In middle school I was solely crazy about girls and never thought about guys. However, once I hit high school, my attraction to guys grew. Here's my situation in a nutshell: - I probably glance at guys more than girls - I would say I watch gay porn 95% of the time - I don't think I'd decline any sexual offer from a guy BUT I solely have a sexual attraction to guys. I would never want to start a family with a guy and grow old with a guy. I definitely would want that with a girl. I also can tell you when I think a girl is attractive and ill sometimes fantasize about them. All in all, I feel more attracted to guys sexually But I feel more attracted to girls emotionally. So that's that, I'm just sort of lost and wanted to know if anyone else was in my situation.
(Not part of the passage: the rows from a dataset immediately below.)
(* Let $N>0$, $R=\mathbb{Q}[x_1,x_2,y_1,y_2]$, $w_2=(y_2^{N+1}-x_2^{N+1})/(y_2-x_2)$, and let $u_1,u_2\in R$ be homogeneous with $y_1^{N+1}+y_2^{N+1}-x_1^{N+1}-x_2^{N+1}=u_1(y_1+y_2-x_1-x_2)+u_2(y_1y_2-x_1x_2)$ and $u_i(y_1,y_2,x_1,x_2)=u_i(x_1,x_2,y_1,y_2)$. Let $\gamma=\frac{\partial u_1}{\partial y_1}-\frac{\partial u_1}{\partial y_2}-\frac12\frac{\partial u_2}{\partial y_2}(x_2+y_2)+\frac12\frac{\partial u_2}{\partial y_1}(x_1+y_1)$ and let $\Omega_2(\gamma)$ be the unique polynomial solution $z$ of $2z+\frac{\partial z}{\partial y_1}(y_1-x_1)+\frac{\partial z}{\partial y_2}(y_2-x_2)=\gamma$. Then $u_1+y_1u_2-w_2$ is divisible by $x_1-y_1$ in $R$, and $\Omega_2(\gamma)=-a_2$, where $a_2=\frac12u_2+\frac{u_1+y_1u_2-w_2}{x_1-y_1}$. *)

From HB Require Import structures.
From mathcomp Require Import all_boot all_order all_algebra.
From mathcomp Require Import mpoly.
Set Implicit Arguments. Unset Strict Implicit. Unset Printing Implicit Defensive.
Import Order.TTheory GRing.Theory Num.Theory.
Local Open Scope ring_scope.

Notation R := {mpoly rat[4]}.

Definition ix1 : 'I_4 := @Ordinal 4 0 isT.
Definition ix2 : 'I_4 := @Ordinal 4 1 isT.
Definition iy1 : 'I_4 := @Ordinal 4 2 isT.
Definition iy2 : 'I_4 := @Ordinal 4 3 isT.

Definition x1 : R := 'X_ix1.
Definition x2 : R := 'X_ix2.
Definition y1 : R := 'X_iy1.
Definition y2 : R := 'X_iy2.

(* w2 = (y2^(N+1) - x2^(N+1)) / (y2 - x2) = sum_{i=0}^N y2^i x2^(N-i) *)
Definition w2 (N : nat) : R := \sum_(i < N.+1) y2 ^+ i * x2 ^+ (N - i).

Definition swap_xy (p : R) : R := p \mPo [tuple y1; y2; x1; x2].

Definition OmegaOp (z : R) : R :=
  2%:R * z + (mderiv iy1 z) * (y1 - x1) + (mderiv iy2 z) * (y2 - x2).

Definition halfp (p : R) : R := (2%:R : rat)^-1 *: p.

Definition gammaA5 (u1 u2 : R) : R :=
  mderiv iy1 u1 - mderiv iy2 u1
  - halfp (mderiv iy2 u2 * (x2 + y2)) + halfp (mderiv iy1 u2 * (x1 + y1)).

Definition homogeneous (p : R) : Prop := exists d : nat, p \in @ishomog1 4 rat d mdeg.

From HB Require Import structures.
From mathcomp Require Import all_boot all_order all_algebra.
From mathcomp Require Import mpoly ring zify.
Import Order.TTheory GRing.Theory Num.Theory.
Local Open Scope ring_scope.

(* Substituting x1 for y1 in the defining identity of u1, u2 leaves
   (y2 - x2) (u1 + x1 u2) = y2^(N+1) - x2^(N+1) at y1 = x1, so u1 + y1 u2 - w2
   vanishes at y1 = x1 and is divisible by x1 - y1; call the quotient q.
   Differentiating u1 + y1 u2 - w2 = (x1 - y1) q and the defining identity in
   y1 and y2 shows that -(u2/2 + q) solves the equation defining Omega_2.
   The solution is unique: at a monomial of maximal degree in (y1, y2) of the
   support of z, the coefficient of 2z + dz/dy1 (y1 - x1) + dz/dy2 (y2 - x2)
   is (2 + that degree) times the coefficient of z. *)

Section MPolyVariables.
Variables (n : nat) (A : comNzRingType).
Implicit Types (p : {mpoly A[n]}) (i j k : 'I_n) (m : 'X_{1..n}).

Lemma mderivXU i j : mderiv i ('X_j : {mpoly A[n]}) = (i == j)%:R.
Proof.
rewrite mderivX mnm1E eq_sym; case: eqP => [->|_]; last by rewrite scale0r.
by rewrite -{1}[U_(j)%MM]add0m addmK mpolyX0 scale1r.
Qed.

Lemma mderiv_exp i p (k : nat) : mderiv i (p ^+ k) = p ^+ k.-1 *+ k * mderiv i p.
Proof.
elim: k => [|k IH]; first by rewrite expr0 mulr0n mul0r -mpolyC1 mderivC.
rewrite exprS mderivM IH; case: k {IH} => [|k] /=.
  by rewrite !expr0 mulr1 mul0r mulr0 addr0 mul1r.
by rewrite mulrSr exprS; ring.
Qed.

Lemma mcoeff_mderivMX i k p m : (mderiv i p * 'X_k)@_m =
  if (U_(k) <= m)%MM then p@_(m - U_(k) + U_(i)) *+ ((m - U_(k))%MM i).+1 else 0.
Proof.
case: ifP => [km | kNm].
  by rewrite -{1}(submK km) addmC mcoeffMX mcoeff_deriv.
apply/memN_msupp_eq0; rewrite (perm_mem (msuppMX _ _)).
by apply/mapP => -[m' _ Em]; rewrite Em lem_addr in kNm.
Qed.

Lemma mcoeff_mderivMX_id i p m : (mderiv i p * 'X_i)@_m = p@_m *+ m i.
Proof.
rewrite mcoeff_mderivMX lep1mP; case: eqP => [-> | /eqP mi]; first by rewrite mulr0n.
by rewrite submK ?lep1mP // mnmBE mnm1E eqxx subn1 prednK // lt0n.
Qed.

Lemma mpolyX_subr_neq0 i j : i != j -> 'X_i - 'X_j != 0 :> {mpoly A[n]}.
Proof.
move=> ij; apply/eqP => /(congr1 (meval (fun k => (k == i)%:R))).
by rewrite mevalB !mevalXU meval0 eqxx eq_sym (negbTE ij) subr0 => /eqP; rewrite oner_eq0.
Qed.

End MPolyVariables.

Arguments mpolyX_subr_neq0 {n A i j}.

Section VariableSubstitution.
Variables (n : nat) (A : comNzRingType) (i j : 'I_n).
Implicit Types (p q : {mpoly A[n]}).

Definition mvar_subst : n.-tuple {mpoly A[n]} :=
  [tuple 'X_(if k == i then j else k) | k < n].

Lemma mvar_substX (k : 'I_n) : 'X_k \mPo mvar_subst = 'X_(if k == i then j else k).
Proof. by rewrite comp_mpolyXU -tnth_nth tnth_mktuple. Qed.

Let divides_subst_diff p := exists r, p - (p \mPo mvar_subst) = ('X_i - 'X_j) * r.

Let divides_subst_diffM p q :
  divides_subst_diff p -> divides_subst_diff q -> divides_subst_diff (p * q).
Proof.
move=> [r Hr] [s Hs]; exists (r * q + (p \mPo mvar_subst) * s).
by rewrite rmorphM /= mulrDr mulrA -Hr mulrCA -Hs; ring.
Qed.

Lemma mvar_subst_dvd p : exists r, p - (p \mPo mvar_subst) = ('X_i - 'X_j) * r.
Proof.
have one : divides_subst_diff 1 by exists 0; rewrite rmorph1 subrr mulr0.
have var k : divides_subst_diff 'X_k.
  rewrite /divides_subst_diff mvar_substX; case: eqP => [->|_]; first by exists 1; rewrite mulr1.
  by exists 0; rewrite subrr mulr0.
elim/mpolyind: p => [|c m p _ _ [r Hr]]; first by exists 0; rewrite raddf0 subrr mulr0.
have [s Hs] : divides_subst_diff 'X_[m].
  rewrite mpolyXE_id; elim/big_rec: _ => [//|k x _ Hx].
  apply: divides_subst_diffM => //; elim: (m k) => [|e IH]; first by rewrite expr0.
  by rewrite exprS; apply: divides_subst_diffM.
exists (c *: s + r).
by rewrite raddfD /= linearZ /= mulrDr -Hr -scalerAr -Hs scalerBr; ring.
Qed.

End VariableSubstitution.

Arguments mvar_subst {n A} i j.
Arguments mvar_subst_dvd {n A} i j p.

Local Notation subst_y1_x1 p := (p \mPo mvar_subst iy1 ix1).

Lemma y1_sub_x1_neq0 : y1 - x1 != 0. Proof. by apply: mpolyX_subr_neq0. Qed.
Lemma y2_sub_x2_neq0 : y2 - x2 != 0. Proof. by apply: mpolyX_subr_neq0. Qed.

Lemma w2E N : (y2 - x2) * w2 N = y2 ^+ N.+1 - x2 ^+ N.+1.
Proof.
rewrite -opprB -[RHS]opprB subrXX mulNr; congr (- (_ * _)).
by apply: eq_bigr => i _; rewrite mulrC.
Qed.

Lemma w2_subst_y1_x1 N : subst_y1_x1 (w2 N) = w2 N.
Proof.
rewrite rmorph_sum; apply: eq_bigr => i _.
by rewrite rmorphM !rmorphXn /= !mvar_substX.
Qed.

Lemma mderiv_y1_w2 N : mderiv iy1 (w2 N) = 0.
Proof.
have := congr1 (mderiv iy1) (w2E N).
rewrite !(mderivB, mderivM, mderiv_exp) !mderivXU /= => E.
have : (y2 - x2) * mderiv iy1 (w2 N) = 0.
  transitivity ((0 - 0) * w2 N + (y2 - x2) * mderiv iy1 (w2 N)); first ring.
  by rewrite E; ring.
by move/eqP; rewrite mulf_eq0 (negbTE y2_sub_x2_neq0) => /eqP.
Qed.

Lemma mderiv_y2_w2 N : w2 N + (y2 - x2) * mderiv iy2 (w2 N) = N.+1%:R * y2 ^+ N.
Proof.
have := congr1 (mderiv iy2) (w2E N).
rewrite !(mderivB, mderivM, mderiv_exp) !mderivXU /= => E.
transitivity ((1 - 0) * w2 N + (y2 - x2) * mderiv iy2 (w2 N)); first ring.
by rewrite E; ring.
Qed.

Lemma x1_sub_y1_dvd {N : nat} {u1 u2 : R} :
  y1 ^+ N.+1 + y2 ^+ N.+1 - x1 ^+ N.+1 - x2 ^+ N.+1
    = u1 * (y1 + y2 - x1 - x2) + u2 * (y1 * y2 - x1 * x2) ->
  exists q, u1 + y1 * u2 - w2 N = (x1 - y1) * q.
Proof.
move=> Hu.
have subst0 : subst_y1_x1 (u1 + y1 * u2 - w2 N) = 0.
  move/(congr1 (comp_mpoly (mvar_subst iy1 ix1))): Hu.
  rewrite !(rmorphB, rmorphD, rmorphM, rmorphXn) /= !mvar_substX /= w2_subst_y1_x1.
  move: (subst_y1_x1 u1) (subst_y1_x1 u2) => v1 v2 Hv.
  suff : (y2 - x2) * (v1 + x1 * v2 - w2 N) = 0.
    by move/eqP; rewrite mulf_eq0 (negbTE y2_sub_x2_neq0) => /eqP.
  rewrite mulrBr w2E.
  have -> : y2 ^+ N.+1 - x2 ^+ N.+1
      = x1 ^+ N.+1 + y2 ^+ N.+1 - x1 ^+ N.+1 - x2 ^+ N.+1 by ring.
  by rewrite Hv /x1 /x2 /y2; ring.
have [r Hr] := mvar_subst_dvd iy1 ix1 (u1 + y1 * u2 - w2 N).
rewrite subst0 subr0 in Hr.
by exists (- r); rewrite Hr mulrN -mulNr opprB.
Qed.

Definition ydeg (m : 'X_{1..4}) := (m iy1 + m iy2)%N.

Lemma mcoeff_OmegaOp_top {z : R} {m : 'X_{1..4}} :
  (forall m', (ydeg m < ydeg m')%N -> z@_m' = 0) ->
  (OmegaOp z)@_m = z@_m *+ (ydeg m).+2.
Proof.
move=> ztop.
have lower i k : i \in [:: iy1; iy2] -> k \in [:: ix1; ix2] ->
    (mderiv i z * 'X_k)@_m = 0.
  rewrite mcoeff_mderivMX; case: ifP => // km yi xk; rewrite ztop ?mul0rn //.
  move: km; rewrite lep1mP /ydeg !mnmDE !mnmBE !mnm1E.
  by move: yi xk; rewrite !inE => /pred2P[]-> /pred2P[]-> /=; lia.
rewrite /OmegaOp !mulrBr !mcoeffD !mcoeffN mulr_natl mcoeffMn !mcoeff_mderivMX_id.
rewrite !lower ?inE ?eqxx ?orbT // !subr0 -!mulrnDr.
by congr (_ *+ _); rewrite /ydeg; lia.
Qed.

Lemma OmegaOpB (z1 z2 : R) : OmegaOp (z1 - z2) = OmegaOp z1 - OmegaOp z2.
Proof. by rewrite /OmegaOp !mderivB; ring. Qed.

Lemma OmegaOp_eq0 (z : R) : OmegaOp z = 0 -> z = 0.
Proof.
move=> Hz; apply/eqP; apply: contraT => nz.
have [m0 m0z] : exists m, m \in msupp z.
  case E: (msupp z) => [|m s]; last by exists m; rewrite mem_head.
  by move: nz; rewrite -msupp_eq0 E.
pose has_ydeg d := has (fun m => ydeg m == d) (msupp z).
have has_m0 : exists d, has_ydeg d by exists (ydeg m0); apply/hasP; exists m0.
have ub d : has_ydeg d -> (d <= \max_(m <- msupp z) ydeg m)%N.
  by case/hasP => m mz /eqP <-; apply: leq_bigmax_seq.
case: (ex_maxnP has_m0 ub) => d /hasP[m mz /eqP dm] dmax.
have ztop m' : (ydeg m < ydeg m')%N -> z@_m' = 0.
  move=> lt; apply/eqP; rewrite mcoeff_eq0; apply: contraTN lt => m'z.
  by rewrite -leqNgt dm dmax //; apply/hasP; exists m'.
move: (mcoeff_OmegaOp_top ztop); rewrite Hz mcoeff0 => /esym/eqP.
by rewrite mulrn_eq0 /= mcoeff_eq0 mz.
Qed.

Lemma OmegaOp_inj : injective OmegaOp.
Proof.
move=> z1 z2 E; apply/eqP; rewrite -subr_eq0; apply/eqP.
by apply: OmegaOp_eq0; rewrite OmegaOpB E subrr.
Qed.

Lemma OmegaOp_solution {N : nat} {u1 u2 q : R} :
  y1 ^+ N.+1 + y2 ^+ N.+1 - x1 ^+ N.+1 - x2 ^+ N.+1
    = u1 * (y1 + y2 - x1 - x2) + u2 * (y1 * y2 - x1 * x2) ->
  u1 + y1 * u2 - w2 N = (x1 - y1) * q ->
  OmegaOp (- (halfp u2 + q)) = gammaA5 u1 u2.
Proof.
move=> Hu Hq.
have := congr1 (mderiv iy1) Hq; have := congr1 (mderiv iy2) Hq.
have := congr1 (mderiv iy2) Hu.
rewrite !(mderivB, mderivD, mderivN, mderivM, mderiv_exp) !mderivXU /= mderiv_y1_w2.
move/eqP; rewrite -subr_eq0; set e3 := (_ - _) => /eqP E3.
move/eqP; rewrite -subr_eq0; set e2 := (_ - _) => /eqP E2.
move/eqP; rewrite -subr_eq0; set e1 := (_ - _) => /eqP E1.
move/eqP: (mderiv_y2_w2 N); rewrite -subr_eq0; set e4 := (_ - _) => /eqP E4.
move/eqP: Hq; rewrite -subr_eq0; set eP := (_ - _) => /eqP EP.
have : 2%:R * (2%:R^-1 : rat)%:MP - 1 = 0 :> R.
  by rewrite -(rmorph_nat (@mpolyC 4 rat)) -rmorphM /= mulfV // subrr.
rewrite /OmegaOp /gammaA5 /halfp -!mul_mpolyC !(mderivN, mderivD, mderiv_mulC).
move: (2%:R^-1 : rat)%:MP => h; set eh := (_ - _) => Eh.
(* After clearing the factor y1 - x1, the two sides differ by a combination
   of the identities e1, ..., e4, eP and eh, each of which vanishes. *)
apply: (mulfI y1_sub_x1_neq0).
transitivity ((y1 - x1) * (mderiv iy1 u1 - mderiv iy2 u1
      - h * (mderiv iy2 u2 * (x2 + y2)) + h * (mderiv iy1 u2 * (x1 + y1)))
  - (y1 - x1) * e1 - (y2 - x2) * e2 - eP - (y1 - x1) * u2 * eh
  - (y1 - x1) * y1 * mderiv iy1 u2 * eh + (y1 - x1) * x2 * mderiv iy2 u2 * eh
  - e3 - e4).
  by rewrite /e1 /e2 /e3 /e4 /eP /eh; ring.
by rewrite E1 E2 E3 E4 EP Eh; ring.
Qed.

Theorem lemmaA5 (N : nat) (u1 u2 : R) :
  (0 < N)%N ->
  homogeneous u1 ->
  homogeneous u2 ->
  y1 ^+ N.+1 + y2 ^+ N.+1 - x1 ^+ N.+1 - x2 ^+ N.+1
    = u1 * (y1 + y2 - x1 - x2) + u2 * (y1 * y2 - x1 * x2) ->
  swap_xy u1 = u1 ->
  swap_xy u2 = u2 ->
  exists q : R,
    u1 + y1 * u2 - w2 N = (x1 - y1) * q /\
    (forall z : R, OmegaOp z = gammaA5 u1 u2 <-> z = - (halfp u2 + q)).
Proof.
move=> _ _ _ Hu _ _.
have [q Hq] := x1_sub_y1_dvd Hu.
have Hsol := OmegaOp_solution Hu Hq.
exists q; split => // z; split => [Hz | ->] //.
by apply: OmegaOp_inj; rewrite Hz Hsol.
Qed.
Hello there, I used to be in a similar situation as you about a year ago, and through middle school too. I never thought about being with a guy in middle school, I was very much attracted to the idea of being in love and being with girls. I thought they were so pretty and flirted and loved starting relationships with them, I was girl crazy. But I fell in love with my best friend now that I look back. I gave thinking sexually about him a try. And, well, it fit. I started to watch gay porn, I started to fantasize about being with him, and imagining that if I was a girl I could then be with him. I shoved those thoughts away and kept on giving girls a try. High school was (still is for 2 more weeks) figuring myself out. I remember as a freshman really wanting to rip my hair out. I tried and tried to find a girl to fall in love with. My heart belonged to a boy and there was no changing that. I finally after lots and lost of denial came out the summer of senior year and embraced I was attracted to boys. But when I came out, I was still attracted to girls. This made me question "am I Bi?" I still wanted a relationship with one. I knew it wouldnt work but I wanted to. I turns out, over time the attraction dwindled and now I don't even see how I was ever convinced I wanted to be with a girl. The feelings were so real I thought a had fallen in love with one, but it hard, frustrating, confusing, and fleeting. And the feelings I had for guys lasted longer, flowed with ease, and were clear. I am gay. Now, this is my experience, not yours. You very well could be Bi. This is something you should explore. From what you post though, I think you are gay, but still coming to terms and trying to hold on to being straight. And that is okay. We all work differently. Or you could have genuine attraction to girls slightly. Just one more note, I watch about half and half gay-straight porn, but I am still gay. Porn is not a dead set indicator of sexual attraction. Best Wishes, Jude
Here's what I think. You're gay. But you have powerful defense mechanisms that prevent you from feeling anything like romantic love for men. That's not unusual. I'm in a similar position and I'm about forty years older than you. In psychoanalysis, this is referred to as a split in the ego. It's almost like Dr. Jeckyll and Mr. Hyde. Not that extreme, but you experience aspects of yourself that seem like somebody else. We all experience splits like this in all sorts of ways that we're mostly unaware of. As I see it, your challenge is to overcome the defenses that interfere with your ability to bring your emotional self into synch with your sexual desires.
You could be aromantic homosexual. Or maybe it's internalized homophobia interfering with your romantic feelings.